Mencadangkan Vaultwarden
Database SQLite utama berada di vw-data/db.sqlite3, sedangkan lampiran disimpan sebagai file terpisah. Jangan menyalin database yang sedang berjalan dengan perintah cp biasa: operasi penulisan pada saat itu dapat membuat salinan tidak konsisten.
Buat snapshot aman dengan perintah bawaan:
docker exec vaultwarden /vaultwarden backupFile db_.sqlite3 terpisah akan muncul di direktori data. Simpan attachments, sends, config.json jika telah dibuat, serta file rsa_key bersamanya.
Cadangan di VPS yang sama tidak melindungi dari penghapusan server atau kerusakan disk. Kirim salinan secara otomatis ke perangkat lain atau penyimpanan objek terpisah, sebaiknya dengan enkripsi tambahan. Lakukan pengujian pemulihan secara berkala.
VPS mana yang dipilih untuk Vaultwarden
Linux VPS dasar dengan RAM 2 GB sudah cukup untuk brankas pribadi atau keluarga. Kapasitas ini menyediakan ruang tambahan untuk Ubuntu, Docker, Caddy, pembaruan, dan cadangan otomatis.
Anda dapat menjalankan Vaultwarden di VPS entry-level dari tropic.host dan menambah sumber daya nanti jika menambahkan layanan self-hosted lain ke server. Untuk pengelola kata sandi, jaringan yang stabil, alamat publik permanen, dan disk yang andal lebih penting daripada core CPU tambahan.
Server rumah juga cocok, tetapi Anda perlu menyediakan akses eksternal, HTTPS, daya yang stabil, dan pemulihan setelah kegagalan. VPS biasanya lebih sederhana jika brankas harus berfungsi dari jaringan mana pun.
Kesimpulan
Vaultwarden adalah pengelola kata sandi self-hosted yang nyaman bagi pengguna yang ingin memakai klien Bitwarden sambil mempertahankan sisi server di infrastrukturnya sendiri. VPS kecil, domain, Docker Compose, dan Caddy sudah cukup untuk memulai.
Tanggung jawab utama dimulai setelah instalasi: nonaktifkan pendaftaran, aktifkan 2FA, perbarui container, dan simpan cadangan teruji di luar server.
FAQ
Apakah Vaultwarden dapat dipasang tanpa domain?

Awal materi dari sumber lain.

(* Let $x\in(0,\infty)$. The unique default ABMN solution with central ratio $\frac{n_{-1}-n_0}{m_0-m_{-1}}=x$ is $\{(a^{\rm def}_i(x),b^{\rm def}_i(x),m^{\rm def}_i(x),n^{\rm def}_i(x)):i\in\mathbb{Z}\}$, where: $m^{\rm def}(x)$ is the increasing sequence with $\lim_{i\to-\infty}m^{\rm def}_i(x)=0$ and $m^{\rm def}_{k+1}(x)-m^{\rm def}_k(x)=\prod_{i=0}^k(c_i(x)-1)$ for $k\in\mathbb{Z}$; $n^{\rm def}(x)$ is the decreasing sequence with $\lim_{i\to\infty}n^{\rm def}_i(x)=0$ and $n^{\rm def}_k(x)-n^{\rm def}_{k+1}(x)=x\prod_{i=0}^k(d_i(x)-1)$ for $k\in\mathbb{Z}$; and, with $M_i=m^{\rm def}_{i+1}(x)-m^{\rm def}_{i-1}(x)$, $N_i=n^{\rm def}_{i-1}(x)-n^{\rm def}_{i+1}(x)$, $a^{\rm def}_i(x)=\frac{M_i^2N_i}{(M_i+N_i)^2}$ and $b^{\rm def}_i(x)=\frac{M_iN_i^2}{(M_i+N_i)^2}$.
   Context: ABMN system on $\mathbb{Z}$: real variables $a_i,b_i\ge0$, $m_i,n_i$ with, for all $i$, $(a_i+b_i)(m_i+a_i)=a_im_{i+1}+b_im_{i-1}$, $(a_i+b_i)(n_i+b_i)=a_in_{i+1}+b_in_{i-1}$, $(a_i+b_i)^2=b_i(m_{i+1}-m_{i-1})$, $(a_i+b_i)^2=a_i(n_{i-1}-n_{i+1})$. A solution is positive if all $a_i,b_i>0$; default if positive with $\lim_{i\to-\infty}m_i=0$, $\lim_{i\to\infty}n_i=0$, $m_0-m_{-1}=1$. Functions: for $x>0$ let $\omega=\sqrt{8x+1}$, $c(x)=\frac{(\omega+3)^2}{16}$, $d(x)=\frac{(\omega+3)^2}{8(\omega+1)}$, $s(x)=\frac{(\omega-1)^2}{4(\omega+7)}$. Let $s_{-1}(x)=1/s(1/x)$, $s_0(x)=x$, and for $i\in\mathbb{N}_+$, $s_i=s\circ s_{i-1}$, $s_{-i}=s_{-1}\circ s_{-(i-1)}$. Set $c_j=c\circ s_j$, $d_j=d\circ s_j$ for $j\in\mathbb{Z}$. Product convention: $\prod_{i=0}^k h_i=h_0\cdots h_k$ for $k\ge0$, $=1$ for $k=-1$, and $=h_{k+1}^{-1}\cdots h_{-1}^{-1}$ for $k\le-2$. *)

From Stdlib Require Import Reals Lra ZArith.
From Coquelicot Require Import Coquelicot.
Open Scope R_scope.

Definition omega (x : R) : R := sqrt (8 * x + 1).
Definition cfun (x : R) : R := (omega x + 3) ^ 2 / 16.
Definition dfun (x : R) : R := (omega x + 3) ^ 2 / (8 * (omega x + 1)).
Definition sfun (x : R) : R := (omega x - 1) ^ 2 / (4 * (omega x + 7)).
Definition sm1 (x : R) : R := / sfun (/ x).

(** s_j for j : Z : s_0 = id, s_i = s o s_{i-1}, s_{-i} = s_{-1} o s_{-(i-1)}. *)
Definition s_iter (j : Z) (x : R) : R :=
  match j with
  | Z0 => x
  | Zpos p => Nat.iter (Pos.to_nat p) sfun x
  | Zneg p => Nat.iter (Pos.to_nat p) sm1 x
  end.

Definition c_j (j : Z) (x : R) : R := cfun (s_iter j x).
Definition d_j (j : Z) (x : R) : R := dfun (s_iter j x).

Fixpoint prod_up (h : nat -> R) (n : nat) : R :=
  match n with
  | O => 1
  | S n' => prod_up h n' * h n'
  end.

(** Product convention: zprod h k = h_0...h_k (k >= 0), 1 (k = -1),
    h_{k+1}^{-1} ... h_{-1}^{-1} (k <= -2). *)
Definition zprod (h : Z -> R) (k : Z) : R :=
  match k with
  | Z0 => prod_up (fun i => h (Z.of_nat i)) 1
  | Zpos p => prod_up (fun i => h (Z.of_nat i)) (S (Pos.to_nat p))
  | Zneg p => prod_up (fun i => / h (- Z.of_nat (S i))%Z) (Pos.to_nat p - 1)
  end.

Definition ABMN (a b m n : Z -> R) : Prop :=
  forall i : Z,
    0 <= a i /\ 0 <= b i /\
    (a i + b i) * (m i + a i) = a i * m (i + 1)%Z + b i * m (i - 1)%Z /\
    (a i + b i) * (n i + b i) = a i * n (i + 1)%Z + b i * n (i - 1)%Z /\
    (a i + b i) ^ 2 = b i * (m (i + 1)%Z - m (i - 1)%Z) /\
    (a i + b i) ^ 2 = a i * (n (i - 1)%Z - n (i + 1)%Z).

Definition positive_sol (a b m n : Z -> R) : Prop :=
  ABMN a b m n /\ forall i, 0 < a i /\ 0 < b i.

Definition lim_pinf (u : Z -> R) (l : R) : Prop :=
  is_lim_seq (fun k : nat => u (Z.of_nat k)) l.
Definition lim_minf (u : Z -> R) (l : R) : Prop :=
  is_lim_seq (fun k : nat => u (- Z.of_nat k)%Z) l.

Definition default_sol (a b m n : Z -> R) : Prop :=
  positive_sol a b m n /\ lim_minf m 0 /\ lim_pinf n 0 /\
  m 0%Z - m (-1)%Z = 1.

Definition central_ratio (m n : Z -> R) : R :=
  (n (-1)%Z - n 0%Z) / (m 0%Z - m (-1)%Z).

Definition is_mdef (x : R) (m : Z -> R) : Prop :=
  (forall k, m k < m (k + 1)%Z) /\ lim_minf m 0 /\
  forall k, m (k + 1)%Z - m k = zprod (fun i => c_j i x - 1) k.

Definition is_ndef (x : R) (n : Z -> R) : Prop :=
  (forall k, n (k + 1)%Z < n k) /\ lim_pinf n 0 /\
  forall k, n k - n (k + 1)%Z = x * zprod (fun i => d_j i x - 1) k.

Definition ab_from_mn (a b m n : Z -> R) : Prop :=
  forall i,
    let M := m (i + 1)%Z - m (i - 1)%Z in
    let N := n (i - 1)%Z - n (i + 1)%Z in
    a i = M ^ 2 * N / (M + N) ^ 2 /\ b i = M * N ^ 2 / (M + N) ^ 2.

From Stdlib Require Import Reals ZArith Lra Lia Psatz FunctionalExtensionality.
From Coquelicot Require Import Coquelicot.
Open Scope R_scope.

(* Every y > 0 is y = r + 2 r^2 with r = (omega y - 1)/4 > 0, and then
   c(y) = (1+r)^2, d(y) = (1+r)^2/(1+2r) and s(y) = r^2/(2+r).
   At a site with a, b > 0 the ABMN equations are a linear system for the four
   neighbouring increments; its solution is m_i - m_{i-1} = a^2/b,
   m_{i+1} - m_i = b + 2a, n_{i-1} - n_i = a + 2b, n_i - n_{i+1} = b^2/a.
   With r = b/a this says that the local ratio y_i = (n_{i-1} - n_i)/(m_i - m_{i-1})
   is r + 2r^2, that the increments of m and n get multiplied by c(y_i) - 1 and
   d(y_i) - 1, and that y_{i+1} = s(y_i). So in a default solution y_i = s_i(x),
   the increments are the products of the statement, and the limits at -oo and +oo
   recover m and n from them. Conversely, since s(y) < y/2 these products are
   summable in the relevant direction, and their partial sums solve the system. *)

Lemma Z_ind_both (P : Z -> Prop) (z : Z) :
  P z -> (forall k, P k <-> P (k + 1)%Z) -> forall k, P k.
Proof.
  intros Hz Hs k. replace k with (z + (k - z))%Z by ring.
  apply (Z.peano_ind (fun j => P (z + j)%Z)).
  - now rewrite Z.add_0_r.
  - intros j Hj. rewrite Z.add_succ_r, <- Z.add_1_r. exact (proj1 (Hs _) Hj).
  - intros j Hj. apply (proj2 (Hs _)). now replace (z + Z.pred j + 1)%Z with (z + j)%Z by lia.
Qed.

Lemma Z_of_nat_or_neg (j : Z) :
  (exists n, j = Z.of_nat n) \/ (exists n, j = - Z.of_nat (S n))%Z.
Proof.
  destruct (Z_le_gt_dec 0 j).
  - left. exists (Z.to_nat j). lia.
  - right. exists (Z.to_nat (- j - 1)). lia.
Qed.

(** * The functions c, d, s *)

Lemma omega_quad r : 0 < r -> omega (r + 2 * r ^ 2) = 4 * r + 1.
Proof.
  intros Hr. unfold omega.
  replace (8 * (r + 2 * r ^ 2) + 1) with ((4 * r + 1) ^ 2) by ring.
  apply sqrt_pow2. lra.
Qed.

Lemma quad_param y : 0 < y -> exists r, 0 < r /\ y = r + 2 * r ^ 2.
Proof.
  intros Hy. set (w := sqrt (8 * y + 1)).
  assert (Hw : 1 < w) by (rewrite <- sqrt_1; apply sqrt_lt_1; lra).
  assert (Hww : w * w = 8 * y + 1) by (apply sqrt_sqrt; lra).
  exists ((w - 1) / 4). split; nra.
Qed.

Lemma cfun_quad r : 0 < r -> cfun (r + 2 * r ^ 2) = (1 + r) ^ 2.
Proof. intros Hr. unfold cfun. rewrite omega_quad by lra. field. Qed.

Lemma dfun_quad r : 0 < r -> dfun (r + 2 * r ^ 2) = (1 + r) ^ 2 / (1 + 2 * r).
Proof. intros Hr. unfold dfun. rewrite omega_quad by lra. field. lra. Qed.

Lemma sfun_quad r : 0 < r -> sfun (r + 2 * r ^ 2) = r ^ 2 / (2 + r).
Proof. intros Hr. unfold sfun. rewrite omega_quad by lra. field. lra. Qed.

Lemma sfun_gt0 y : 0 < y -> 0 < sfun y.
Proof.
  intros Hy. destruct (quad_param y Hy) as [r [Hr ->]].
  rewrite sfun_quad by lra. apply Rdiv_lt_0_compat; nra.
Qed.

Lemma sfun_lt_half y : 0 < y -> sfun y < y / 2.
Proof.
  intros Hy. destruct (quad_param y Hy) as [r [Hr ->]]. rewrite sfun_quad by lra.
  apply Rmult_lt_reg_r with (2 + r); [lra|].
  unfold Rdiv. rewrite Rmult_assoc, Rinv_l by lra. nra.
Qed.

(* In terms of r this is the symmetry r <-> 1/r. *)
Lemma sfun_inv_sfun z : 0 < z -> sfun (/ sfun z) = / z.
Proof.
  intros Hz. destruct (quad_param z Hz) as [r [Hr ->]]. rewrite sfun_quad by lra.
  replace (/ (r ^ 2 / (2 + r))) with (/ r + 2 * (/ r) ^ 2) by (field; lra).
  rewrite sfun_quad by (apply Rinv_0_lt_compat; lra). field. lra.
Qed.

Lemma sm1_sfun z : 0 < z -> sm1 (sfun z) = z.
Proof. intros Hz. unfold sm1. rewrite sfun_inv_sfun by exact Hz. apply Rinv_inv. Qed.

Lemma sfun_sm1 y : 0 < y -> sfun (sm1 y) = y.
Proof.
  intros Hy. unfold sm1. rewrite sfun_inv_sfun by (apply Rinv_0_lt_compat; exact Hy).
  apply Rinv_inv.
Qed.

Lemma sm1_gt0 y : 0 < y -> 0 < sm1 y.
Proof. intros Hy. apply Rinv_0_lt_compat, sfun_gt0, Rinv_0_lt_compat, Hy. Qed.

Lemma sfun_inj y z : 0 < y -> 0 < z -> sfun y = sfun z -> y = z.
Proof. intros Hy Hz E. rewrite <- (sm1_sfun y), <- (sm1_sfun z), E by assumption. reflexivity. Qed.

Lemma cfun_sub1_gt0 y : 0 < y -> 0 < cfun y - 1.
Proof. intros Hy. destruct (quad_param y Hy) as [r [Hr ->]]. rewrite cfun_quad by lra. nra. Qed.

Lemma cfun_sub1_ge_half y : 0 < y -> y / 2 <= cfun y - 1.
Proof. intros Hy. destruct (quad_param y Hy) as [r [Hr ->]]. rewrite cfun_quad by lra. nra. Qed.

Lemma dfun_sub1_quad r : 0 < r -> dfun (r + 2 * r ^ 2) - 1 = r ^ 2 / (1 + 2 * r).
Proof. intros Hr. rewrite dfun_quad by lra. field. lra. Qed.

Lemma dfun_sub1_gt0 y : 0 < y -> 0 < dfun y - 1.
Proof.
  intros Hy. destruct (quad_param y Hy) as [r [Hr ->]].
  rewrite dfun_sub1_quad by lra. apply Rdiv_lt_0_compat; nra.
Qed.

Lemma dfun_sub1_le y : 0 < y -> dfun y - 1 <= y.
Proof.
  intros Hy. destruct (quad_param y Hy) as [r [Hr ->]]. rewrite dfun_sub1_quad by lra.
  apply Rmult_le_reg_r with (1 + 2 * r); [lra|].
  unfold Rdiv. rewrite Rmult_assoc, Rinv_l by lra. nra.
Qed.

Lemma dfun_cfun_sfun y : 0 < y -> y * (dfun y - 1) = (cfun y - 1) * sfun y.
Proof.
  intros Hy. destruct (quad_param y Hy) as [r [Hr ->]].
  rewrite dfun_quad, cfun_quad, sfun_quad by lra. field. lra.
Qed.

Lemma s_iter_of_nat n x : s_iter (Z.of_nat n) x = Nat.iter n sfun x.
Proof. destruct n; [reflexivity|]. simpl. now rewrite SuccNat2Pos.id_succ. Qed.

Lemma s_iter_opp_nat n x : s_iter (- Z.of_nat n) x = Nat.iter n sm1 x.
Proof. destruct n; [reflexivity|]. simpl. now rewrite SuccNat2Pos.id_succ. Qed.

Lemma s_iter_gt0 j x : 0 < x -> 0 < s_iter j x.
Proof.
  intros Hx. destruct (Z_of_nat_or_neg j) as [[n ->]|[n ->]].
  - rewrite s_iter_of_nat. induction n; simpl; auto using sfun_gt0.
  - rewrite s_iter_opp_nat. induction (S n); simpl; auto using sm1_gt0.
Qed.

Lemma s_iter_succ j x : 0 < x -> s_iter (j + 1) x = sfun (s_iter j x).
Proof.
  intros Hx. destruct (Z_of_nat_or_neg j) as [[n ->]|[n ->]].
  - replace (Z.of_nat n + 1)%Z with (Z.of_nat (S n)) by lia.
    now rewrite !s_iter_of_nat.
  - replace (- Z.of_nat (S n) + 1)%Z with (- Z.of_nat n)%Z by lia.
    rewrite !s_iter_opp_nat. simpl. rewrite sfun_sm1; [reflexivity|].
    rewrite <- s_iter_opp_nat. now apply s_iter_gt0.
Qed.
Lemma Xs_inj : injective Xs.
Proof.
move=> m n e; have := odd_over_pow4_Xs m; rewrite e => /odd_over_pow4_inj.
by move=> /(_ _ (odd_over_pow4_Xs n)) [].
Qed.

Lemma Xs_on_curve n : (exists Y, Y ^+ 2 = E_rhs (Xs n)) /\ 31 <= Xs n.
Proof.
elim: n => [|n [[Y hY] _]].
  rewrite [Xs 0]/=; split; last by lra.
  by exists (5 ^+ 3 * 9 * 409 / 64); rewrite /E_rhs /cubic; field.
have [E0 _] := @odd_over_pow4_dbl n.+2 _ isT (odd_over_pow4_Xs n).
have Y0 : Y != 0 by apply: contraNneq E0 => Y0; rewrite -hY Y0 expr0n.
split; first exact: dbl_x_on_curve hY Y0.
by apply: dbl_x_ge31; rewrite -hY lt_def sqrf_eq0 Y0 sqr_ge0.
Qed.

Lemma E_secant_ge (X1 X2 : rat) : 31 <= X1 -> 31 <= X2 ->
  225 <= X1 ^+ 2 + X1 * X2 + X2 ^+ 2 - 27 * (X1 + X2) - 984.
Proof.
move=> h1 h2; have u1 : 0 <= X1 - 31 by rewrite subr_ge0.
have u2 : 0 <= X2 - 31 by rewrite subr_ge0.
by have := mulr_ge0 u1 u2; have := mulr_ge0 u1 u1; have := mulr_ge0 u2 u2; lra.
Qed.

Lemma E_chord_slope X1 Y1 X2 Y2 : 0 <= Y1 -> 0 <= Y2 ->
  Y1 ^+ 2 = E_rhs X1 -> Y2 ^+ 2 = E_rhs X2 -> 31 <= X1 -> 31 <= X2 -> X1 != X2 ->
  225 <= ((Y1 + Y2) / (X1 - X2)) ^+ 2 * `|X1 - X2|.
Proof.
move=> Y1_ge0 Y2_ge0 h1 h2 X1_ge X2_ge X12; rewrite -subr_eq0 in X12.
pose g := X1 ^+ 2 + X1 * X2 + X2 ^+ 2 - 27 * (X1 + X2) - 984.
have hg : Y1 ^+ 2 - Y2 ^+ 2 = (X1 - X2) * g by rewrite h1 h2 /E_rhs /cubic /g; ring.
exact: (chord_slope_bound Y1_ge0 Y2_ge0 X12 (divfK X12 _) hg (E_secant_ge X1_ge X2_ge)).
Qed.

Lemma curve_points_unbounded (B : rat) : exists X Y, Y ^+ 2 = E_rhs X /\ B < X.
Proof.
pose B1 := `|B| + 31.
have [B_B1 B1_31] : B <= B1 /\ 31 <= B1.
  by have := ler_norm B; have := normr_ge0 B; rewrite /B1; split; lra.
pose e := 225 / (3 * B1); have e_gt0 : 0 < e by rewrite divr_gt0 //; lra.
have [N close] := close_pair 31 B1 e_gt0.
case: (boolP [exists i : 'I_N.+1, B1 < Xs i]) => [/existsP [i Xi_big] | /existsPn small].
  have [[Y hY] _] := Xs_on_curve i.
  by exists (Xs i), Y; split; last exact: le_lt_trans Xi_big.
have Xs_in i : (i <= N)%N -> 31 <= Xs i <= B1.
  by rewrite -ltnS => iN; have := small (Ordinal iN); rewrite (Xs_on_curve i).2 -leNgt.
have [i [j [iN jN ij Xij_close]]] := close Xs Xs_in.
have /andP [Xi31 XiB1] := Xs_in i iN; have /andP [Xj31 XjB1] := Xs_in j jN.
have Xij : Xs i != Xs j by apply: contra_neq ij; apply: Xs_inj.
have [[Yi hYi] _] := Xs_on_curve i; have [[Yj hYj] _] := Xs_on_curve j.
have hai : `|Yi| ^+ 2 = E_rhs (Xs i) := etrans (real_normK (num_real Yi)) hYi.
have haj : `|Yj| ^+ 2 = E_rhs (Xs j) := etrans (real_normK (num_real Yj)) hYj.
have [Y3 hY3] := chord_third_point hai haj Xij.
set l := (`|Yi| + `|Yj|) / (Xs i - Xs j) in hY3.
have slope_big : 3 * B1 <= l ^+ 2.
  have l_d := E_chord_slope (normr_ge0 Yi) (normr_ge0 Yj) hai haj Xi31 Xj31 Xij.
  have l_e : 225 <= l ^+ 2 * e.
    exact: le_trans l_d (ler_wpM2l (sqr_ge0 _) (ltW Xij_close)).
  have B1_neq0 : 3 * B1 != 0 by apply: lt0r_neq0; clear -B1_31; lra.
  have B1e : 3 * B1 * e = 225 by rewrite /e mulrC (divfK B1_neq0).
  by rewrite -(ler_pM2r e_gt0) B1e.
exists (l ^+ 2 - (-27) - Xs i - Xs j), Y3; split; first exact: hY3.
by clear -slope_big B_B1 XiB1 XjB1; lra.
Qed.

Lemma good_ratio_of_squares (r W Z : rat) : 1 < r ->
  W ^+ 2 = 4 * r ^+ 2 + r + 1 -> Z ^+ 2 = r ^+ 2 + r + 4 -> good_ratio r.
Proof.
move=> r_gt1 hW hZ.
have r3_gt1 : 1 < r ^+ 3 by rewrite exprn_egt1.
have r1_neq0 : r - 1 != 0 by rewrite subr_eq0 gt_eqF.
have r3_neq0 : r ^+ 3 - 1 != 0 by rewrite subr_eq0 gt_eqF.
have Z_neq0 : Z != 0.
  by apply: contra_eq_neq hZ => ->; rewrite expr0n eq_sym; apply: lt0r_neq0; nra.
have W_neq0 : W != 0.
  by apply: contra_eq_neq hW => ->; rewrite expr0n eq_sym; apply: lt0r_neq0; nra.
pose y (i : 'I_4) := match nat_of_ord i with
  | 1 => (r - 1) * (2 * r + 1) * Z / 3
  | 2 => (r - 1) * (r + 2) * W / 3
  | _ => 2 * (r ^+ 3 - 1) / 3 end.
exists ((1 + r ^+ 3) / 2), (5 * (r ^+ 3 - 1) / 6), (fun i => r ^+ i), y.
split; first by rewrite !divr_gt0 // mulr_gt0 // subr_gt0.
split.
  case=> [[|[|[|[|//]]]] i4]; rewrite /on_circle /y /=.
  - by rewrite expr0; field.
  - by rewrite expr1 !exprMn hZ; field.
  - by rewrite !exprMn hW; field.
  - by field.
split.
  case=> [[|[|[|[|//]]]] i4]; rewrite /y /= !mulf_neq0 ?invr_neq0 //;
    apply: lt0r_neq0; lra.
split; first by move=> i; apply: exprn_gt0; lra.
split; first by case=> [[|[|[|//]]] i4] _; rewrite inordK // exprS.
by rewrite inordK //; split; [field | rewrite /y inordK].
Qed.

Definition quartic_rhs (t : rat) : rat :=
  4 * t ^+ 4 - 2 * t ^+ 3 - 27 * t ^+ 2 + 4 * t + 61.

Definition t_of_point (X Y : rat) : rat := (2 * Y - X + 16) / (2 * (109 - 4 * X)).

(* (109 - 4X) times the difference of the two sides is a square in t minus
   E_rhs X / 4, and t_of_point makes that square equal to Y^2 / 4. *)
Lemma E_to_quartic X Y : Y ^+ 2 = E_rhs X -> 4 * X != 109 ->
  let t := t_of_point X Y in (2 * t ^+ 2 - t / 2 - X / 4) ^+ 2 = quartic_rhs t.
Proof.
move=> hY hX t; have A0 : 109 - 4 * X != 0 by rewrite subr_eq0 eq_sym.
have At : (109 - 4 * X) * t = (2 * Y - X + 16) / 2 by rewrite /t /t_of_point; field.
have key : (109 - 4 * X) * ((2 * t ^+ 2 - t / 2 - X / 4) ^+ 2 - quartic_rhs t) =
    ((109 - 4 * X) * t / 2 - (4 - X / 4)) ^+ 2 - E_rhs X / 4.
  by rewrite /quartic_rhs /E_rhs /cubic; field.
apply: (mulfI A0); apply/eqP; rewrite -subr_eq0 -mulrBr key.
rewrite (_ : (109 - 4 * X) * t / 2 - (4 - X / 4) = Y / 2); last by rewrite At; field.
by rewrite -hY; apply/eqP; field.
Qed.

(* ((t^2 - 4) / (1 - 2t), (t^2 - t + 4) / (2t - 1)) parametrizes the conic
   Z^2 = r^2 + r + 4, and along it 4r^2 + r + 1 = quartic_rhs t / (1 - 2t)^2. *)
Definition ratio_of_t (t : rat) : rat := (t ^+ 2 - 4) / (1 - 2 * t).

Lemma quartic_point_good_ratio (t Yq : rat) : t <= -6 -> Yq ^+ 2 = quartic_rhs t ->
  - t / 2 - 1 <= ratio_of_t t /\ good_ratio (ratio_of_t t).
Proof.
move=> t_le hq; have d_gt0 : 0 < 1 - 2 * t by clear hq; lra.
have d_neq0 := lt0r_neq0 d_gt0.
have r_ge : - t / 2 - 1 <= ratio_of_t t.
  rewrite /ratio_of_t ler_pdivlMr //.
  have -> : (- t / 2 - 1) * (1 - 2 * t) = t ^+ 2 - 4 - (- 3 - 3 * t / 2) by field.
  by clear hq; lra.
split; first exact: r_ge.
apply: (@good_ratio_of_squares _ (Yq / (1 - 2 * t))
    ((t ^+ 2 - t + 4) / (2 * t - 1))).
- by clear hq; lra.
- by rewrite expr_div_n hq /ratio_of_t /quartic_rhs; field.
- rewrite /ratio_of_t; field; rewrite d_neq0 /=; apply: ltr0_neq0; clear hq; lra.
Qed.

Secara teknis, Anda dapat menggunakan alamat lokal, tetapi web vault memerlukan konteks HTTPS yang aman. Untuk akses dari berbagai perangkat, domain dan sertifikat TLS lebih sederhana.
Berapa banyak RAM yang dibutuhkan Vaultwarden?
Untuk satu atau beberapa pengguna, RAM 1 GB biasanya sudah cukup. VPS dengan 2 GB menyediakan kapasitas yang lebih nyaman untuk sistem, Docker, Caddy, dan pembaruan.
Apakah Vaultwarden bekerja dengan aplikasi seluler Bitwarden?
Ya. Pada layar login, pilih server self-hosted dan masukkan alamat HTTPS lengkap instans Vaultwarden Anda.
Apa yang terjadi jika VPS tidak tersedia sementara?
Data yang telah disinkronkan biasanya tetap berada di cache lokal terenkripsi klien. Namun, sinkronisasi, login di perangkat baru, dan penerimaan perubahan tidak akan berfungsi sampai server dipulihkan.
Bisakah kata sandi utama yang terlupa dipulihkan melalui /admin?
Tidak. Administrator dapat mengelola server dan akun, tetapi tidak memiliki kunci dekripsi brankas pengguna. Kata sandi utama dan kode pemulihan harus disimpan secara terpisah.